To add to the irony of these amusing and masterfully executed pieces, Le Deunff ventures into the realm of garden ornamentation with a series of rocaille pieces—an ornamental craft technique simulating wood made from concrete, popular from the mid-19th century to the 1930s, which has since fallen into disuse. Le Deunff revives it here with talent and humor. From this series of sculpted concrete pieces, Blaireau (2023) animates the space uniquely among the animal collection with its functionality as a fountain of ambiguous scale. Drawing on mountain sculpture and its wooden fountains carved from tree trunks and faux-anthropomorphic stumps, the water flows humorously from the animal's mouth, creating a gentle "fengshui" sound in the gallery, where small monsters and trapped objects coexist. The water lilies decorating the mini-basin receiving the animal's spout are particularly effective in recalling the artist's interest in plant life. The chromatic harmony created by this element playfully evokes a subtly domesticated nature.

Among the most notable pieces in this collection of desirable works are several sculpted bones in alabaster, mimicking dog chew toys made from rawhide. Here, the contrast between the trivial object and the noble material, combined with the virtuosity of the craftsmanship, underscores the presence of humor and irony throughout the work, both gentle and biting.

3 os and os noué (2022), carved directly from alabaster in various tones, imitate a molded object, playing with a dual simulation that blurs the lines between material and manufacturing process.

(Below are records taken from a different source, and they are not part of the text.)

Lemma binom_C m k : (k <= m)%nat -> INR (binom m k) = Binomial.C m k.
Proof.
  revert k. induction m as [| m IH]; intros [| k] H.
  - now rewrite C_n_0.
  - lia.
  - now rewrite binom_0_r, C_n_0.
  - simpl binom. rewrite plus_INR.
    destruct (Nat.eq_dec k m) as [-> | Ne].
    + rewrite (binom_small m (S m)), IH, !C_n_n by lia. simpl. ring.
    + rewrite !IH by lia. apply pascal. lia.
Qed.

Definition negbin (a l : nat) (z : R) : R := INR (binom (a + l - 1) l) * z ^ a * (1 - z) ^ l.

Lemma negbin_pal a l z : (1 <= a)%nat -> negbin a l z = pal a l z.
Proof. intros H. unfold negbin, pal. now rewrite binom_C by lia. Qed.

Lemma negbin_0_0 z : negbin 0 0 z = 1.
Proof. unfold negbin. simpl. ring. Qed.

Lemma negbin_0_S l z : negbin 0 (S l) z = 0.
Proof. unfold negbin. rewrite binom_small by lia. simpl. ring. Qed.

Lemma negbin_S_0 b z : negbin (S b) 0 z = z * negbin b 0 z.
Proof. unfold negbin. rewrite !binom_0_r. simpl. ring. Qed.

Lemma negbin_S_S b l z :
  negbin (S b) (S l) z = z * negbin b (S l) z + (1 - z) * negbin (S b) l z.
Proof.
  unfold negbin. replace (S b + S l - 1)%nat with (S (b + l)) by lia.
  replace (b + S l - 1)%nat with (b + l)%nat by lia.
  replace (S b + l - 1)%nat with (b + l)%nat by lia.
  simpl binom. rewrite plus_INR. simpl pow. ring.
Qed.

Lemma sumR_negbin_0 n z (H : nat -> R) : sumR (S n) (fun l => negbin 0 l z * H l) = H 0%nat.
Proof.
  rewrite sumR_S, negbin_0_0, (sumR_ext _ _ (fun _ => 0 * 0)), sumR_scal.
  - ring.
  - intros l _. rewrite negbin_0_S. ring.
Qed.

Lemma sumR_negbin_S_S b n z (H : nat -> R) :
  sumR n (fun l => negbin (S b) (S l) z * H l)
  = z * sumR n (fun l => negbin b (S l) z * H l) + (1 - z) * sumR n (fun l => negbin (S b) l z * H l).
Proof.
  rewrite <- !sumR_scal, <- sumR_plus. apply sumR_ext. intros l _.
  rewrite negbin_S_S. ring.
Qed.

(* Unrolling the recurrence follows lattice paths from (a, b) that lower b with weight x or
   a with weight 1 - x until one coordinate vanishes; [negbin] sums the weights of the paths
   reaching each point of the two axes. *)
Lemma lattice_path_expansion (G : nat -> nat -> R) (x : R) (M : nat) :
  (forall a b, (S a + S b <= M)%nat -> G (S a) (S b) = x * G (S a) b + (1 - x) * G a (S b)) ->
  forall a b, (1 <= a + b)%nat -> (a + b <= M)%nat ->
  G a b = sumR a (fun l => negbin b l x * G (a - l)%nat 0%nat)
        + sumR b (fun l => negbin a l (1 - x) * G 0%nat (b - l)%nat).
Proof.
  intros Hrec a. induction a as [| a IHa]; intros b H1 HM.
  - destruct b as [| b]; [lia |]. rewrite sumR_negbin_0. unfold sumR. simpl. ring.
  - induction b as [| b IHb].
    + rewrite sumR_negbin_0. unfold sumR. simpl. ring.
    + rewrite Hrec, IHb, (IHa (S b)) by lia.
      rewrite !sumR_S. cbn [Nat.sub].
      rewrite !sumR_negbin_S_S, !negbin_S_0.
      replace (1 - (1 - x)) with x by ring. ring.
Qed.

Lemma length_blocks bs : length (blocks bs) = list_sum (map snd bs).
Proof.
  unfold blocks. rewrite length_flat_map. f_equal.
  apply map_ext. intros [x m]. apply repeat_length.
Qed.

Lemma list_sum_filter_compl (P : nat -> bool) (g : nat -> nat) s :
  (list_sum (map g (filter P s)) + list_sum (map g (filter (fun m => negb (P m)) s))
   = list_sum (map g s))%nat.
Proof. induction s as [| m s IH]; simpl; [reflexivity |]. destruct (P m); simpl; lia. Qed.

Lemma length_rest_blocks kappa lam alpha i j k :
  (i <= kappa)%nat -> (j <= kappa)%nat -> (k <= kappa)%nat -> i <> j -> k <> i -> k <> j ->
  (length (blocks (rest_blocks kappa lam alpha i j k)) + alpha i + alpha j + alpha k
   = sumN (S kappa) alpha)%nat.
Proof.
  intros Hi Hj Hk Nij Nki Nkj. unfold rest_blocks.
  set (P := fun m => negb (Nat.eqb m i || Nat.eqb m j || Nat.eqb m k)).
  assert (Hijk : Permutation (filter (fun m => negb (P m)) (seq 0 (S kappa))) [i; j; k]).
  { apply NoDup_Permutation.
    - apply NoDup_filter, seq_NoDup.
    - repeat constructor; simpl; intuition lia.
    - intros m. rewrite filter_In, in_seq. unfold P. rewrite Bool.negb_involutive.
      rewrite !Bool.orb_true_iff, !Nat.eqb_eq. simpl. intuition lia. }
  rewrite length_blocks, map_map, (map_ext _ alpha) by reflexivity.
  change (sumN (S kappa) alpha) with (list_sum (map alpha (seq 0 (S kappa)))).
  rewrite <- (list_sum_filter_compl P alpha (seq 0 (S kappa))).
  rewrite (Permutation_list_sum (Permutation_map alpha Hijk)).
  simpl. lia.
Qed.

Laurent Le Deunff's exhibition is a delightful success, both in terms of the quality of the works and the extremely simple and effective display that, without any frills, allows the pieces to complement each other and exist autonomously within a "biotope" that offers a poetic and lighthearted contrast to a particularly troubled period. The exhibition Whatever this may be brings a smile to our faces, a real challenge in June 2024.

(1) "Lavierien": A neologism referencing Bertrand Lavier, who in the 1990s superimposed objects like a boat propeller on Decaux public toilets, among other iconic items.